(* Consider the online execution scheduling algorithm OES (described in the context) applied to a distributed GNN training job with a fixed task placement, and let $T_{OES}$ be the resulting training makespan (completion time of all tasks of iteration $N$). Let $T^*$ be the optimal makespan of the offline execution and flow scheduling problem (described in the context) for the same placement and the same data volumes. Then $T_{OES}\le \Delta\, T^*$, where $\Delta=\max_{m\in\{1,\dots,M\}}\max\{\widehat{\Delta^m_{in}},\widehat{\Delta^m_{out}}\}$; i.e., OES is $\Delta$-competitive.
   Context: Setting (distributed GNN training job). There are $M$ machines; machine $m$ has available incoming bandwidth $B^m_{in}$ and outgoing bandwidth $B^m_{out}$. The set of tasks is $J=J_g\cup J_s\cup J_w\cup J_{ps}$ (graph store servers, samplers, workers, parameter servers (PSs)); each worker has an associated set of samplers. A fixed placement assigns each task $j$ to exactly one machine ($y^m_j=1$ iff $j$ is on machine $m$). Training runs for $N$ iterations in discrete time steps $t=1,\dots,T$; task $j$ takes execution time $p_j$ in every iteration; $(j,n)$ denotes task $j$ in iteration $n$. Successor relation $succ(j,n)$: $(s,n)\in succ(g,n)$ for every graph store server $g$ and sampler $s$; $(w,n)\in succ(s,n)$ for every sampler $s$ and its associated worker $w$; $(ps,n)\in succ(w,n)$ for every worker $w$ and PS $ps$; $(w,n+1)\in succ(ps,n)$ for every PS $ps$ and worker $w$. For each $(j',n')\in succ(j,n)$ with $j,j'$ on different machines there is a flow $(j,n)\to(j',n')$ of data volume $d_{(j,n)\to(j',n')}$. Offline scheduling problem. Choose start times $x^t_{j,n}\in\{0,1\}$ (each $(j,n)$ starts exactly once; graph store servers start iteration 1 at $t=1$) and transmission amounts $k^t_{(j,n)\to(j',n')}\ge 0$ such that: each flow transmits total amount $d_{(j,n)\to(j',n')}$; a flow transmits only at times $t\ge$ (start of $(j,n)$) $+p_j$ and strictly before the start of $(j',n')$; if $j,j'$ are on the same machine, $(j',n')$ starts no earlier than the finish of $(j,n)$; $(j,n+1)$ starts no earlier than the finish of $(j,n)$; the last transmission time of $(j,n)\to(j',n')$ is strictly before the first transmission time of $(j,n+1)\to(j',n'+1)$; and at each time $t$ the total amount sent out of (into) machine $m$ over inter-machine flows is at most $B^m_{out}$ ($B^m_{in}$). The objective is to minimize the makespan $\max_{j}\{(\text{start time of }(j,N))+p_j\}$. $T^*$ is its optimal value when all data volumes are known in advance. (Online, the data volumes are not known beforehand.) Algorithm OES. It maintains a set $F_{act}$ of active flows and a set $F_{pend}$ of pending flows. At $t=1$ all graph store servers of iteration 1 start. At each time step $t$: every task $(j,n)$ whose dependencies are all satisfied starts; for every task $(j,n)$ that finished at $t-1$ and every inter-machine flow $(j,n)\to(j',n')$ out of it, the flow is added to $F_{pend}$ if $(j,n-1)\to(j',n'-1)\in F_{act}\cup F_{pend}$, and to $F_{act}$ otherwise; for every flow $(j,n)\to(j',n')$ that finished at $t-1$, if $(j,n+1)\to(j',n'+1)\in F_{pend}$ it is moved to $F_{act}$. Then, with $\Delta^m_{in}$ (resp. $\Delta^m_{out}$) the number of flows in $F_{act}$ whose destination (resp. source) task is on machine $m$, every active flow from a task on machine $m$ to a task on machine $m'$ transmits $\min\{B^{m'}_{in}/\Delta^{m'}_{in},\,B^m_{out}/\Delta^m_{out}\}$ data units at time $t$. It stops when all tasks of iteration $N$ are done. One-iteration degrees. Let $F_{one\_iter}$ be the set of all inter-machine flows of one training iteration (including the transfers of parameters updated by the PSs in that iteration to the workers). $\widehat{\Delta^m_{in}}$ (resp. $\widehat{\Delta^m_{out}}$) is the number of flows in $F_{one\_iter}$ whose destination (resp. source) task is placed on machine $m$. *)

From HB Require Import structures.
From mathcomp Require Import all_boot all_order all_algebra.
Set Implicit Arguments. Unset Strict Implicit. Unset Printing Implicit Defensive.
Import Order.TTheory GRing.Theory Num.Theory.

════

**Task goal:** Could you copy out all of the records above exactly?

**Response box:**
(* Consider the online execution scheduling algorithm OES (described in the context) applied to a distributed GNN training job with a fixed task placement, and let $T_{OES}$ be the resulting training makespan (completion time of all tasks of iteration $N$). Let $T^*$ be the optimal makespan of the offline execution and flow scheduling problem (described in the context) for the same placement and the same data volumes. Then $T_{OES}\le \Delta\, T^*$, where $\Delta=\max_{m\in\{1,\dots,M\}}\max\{\widehat{\Delta^m_{in}},\widehat{\Delta^m_{out}}\}$; i.e., OES is $\Delta$-competitive.
   Context: Setting (distributed GNN training job). There are $M$ machines; machine $m$ has available incoming bandwidth $B^m_{in}$ and outgoing bandwidth $B^m_{out}$. The set of tasks is $J=J_g\cup J_s\cup J_w\cup J_{ps}$ (graph store servers, samplers, workers, parameter servers (PSs)); each worker has an associated set of samplers. A fixed placement assigns each task $j$ to exactly one machine ($y^m_j=1$ iff $j$ is on machine $m$). Training runs for $N$ iterations in discrete time steps $t=1,\dots,T$; task $j$ takes execution time $p_j$ in every iteration; $(j,n)$ denotes task $j$ in iteration $n$. Successor relation $succ(j,n)$: $(s,n)\in succ(g,n)$ for every graph store server $g$ and sampler $s$; $(w,n)\in succ(s,n)$ for every sampler $s$ and its associated worker $w$; $(ps,n)\in succ(w,n)$ for every worker $w$ and PS $ps$; $(w,n+1)\in succ(ps,n)$ for every PS $ps$ and worker $w$. For each $(j',n')\in succ(j,n)$ with $j,j'$ on different machines there is a flow $(j,n)\to(j',n')$ of data volume $d_{(j,n)\to(j',n')}$. Offline scheduling problem. Choose start times $x^t_{j,n}\in\{0,1\}$ (each $(j,n)$ starts exactly once; graph store servers start iteration 1 at $t=1$) and transmission amounts $k^t_{(j,n)\to(j',n')}\ge 0$ such that: each flow transmits total amount $d_{(j,n)\to(j',n')}$; a flow transmits only at times $t\ge$ (start of $(j,n)$) $+p_j$ and strictly before the start of $(j',n')$; if $j,j'$ are on the same machine, $(j',n')$ starts no earlier than the finish of $(j,n)$; $(j,n+1)$ starts no earlier than the finish of $(j,n)$; the last transmission time of $(j,n)\to(j',n')$ is strictly before the first transmission time of $(j,n+1)\to(j',n'+1)$; and at each time $t$ the total amount sent out of (into) machine $m$ over inter-machine flows is at most $B^m_{out}$ ($B^m_{in}$). The objective is to minimize the makespan $\max_{j}\{(\text{start time of }(j,N))+p_j\}$. $T^*$ is its optimal value when all data volumes are known in advance. (Online, the data volumes are not known beforehand.) Algorithm OES. It maintains a set $F_{act}$ of active flows and a set $F_{pend}$ of pending flows. At $t=1$ all graph store servers of iteration 1 start. At each time step $t$: every task $(j,n)$ whose dependencies are all satisfied starts; for every task $(j,n)$ that finished at $t-1$ and every inter-machine flow $(j,n)\to(j',n')$ out of it, the flow is added to $F_{pend}$ if $(j,n-1)\to(j',n'-1)\in F_{act}\cup F_{pend}$, and to $F_{act}$ otherwise; for every flow $(j,n)\to(j',n')$ that finished at $t-1$, if $(j,n+1)\to(j',n'+1)\in F_{pend}$ it is moved to $F_{act}$. Then, with $\Delta^m_{in}$ (resp. $\Delta^m_{out}$) the number of flows in $F_{act}$ whose destination (resp. source) task is on machine $m$, every active flow from a task on machine $m$ to a task on machine $m'$ transmits $\min\{B^{m'}_{in}/\Delta^{m'}_{in},\,B^m_{out}/\Delta^m_{out}\}$ data units at time $t$. It stops when all tasks of iteration $N$ are done. One-iteration degrees. Let $F_{one\_iter}$ be the set of all inter-machine flows of one training iteration (including the transfers of parameters updated by the PSs in that iteration to the workers). $\widehat{\Delta^m_{in}}$ (resp. $\widehat{\Delta^m_{out}}$) is the number of flows in $F_{one\_iter}$ whose destination (resp. source) task is placed on machine $m$. *)

From HB Require Import structures.
From mathcomp Require Import all_boot all_order all_algebra.
Set Implicit Arguments. Unset Strict Implicit. Unset Printing Implicit Defensive.
Import Order.TTheory GRing.Theory Num.Theory.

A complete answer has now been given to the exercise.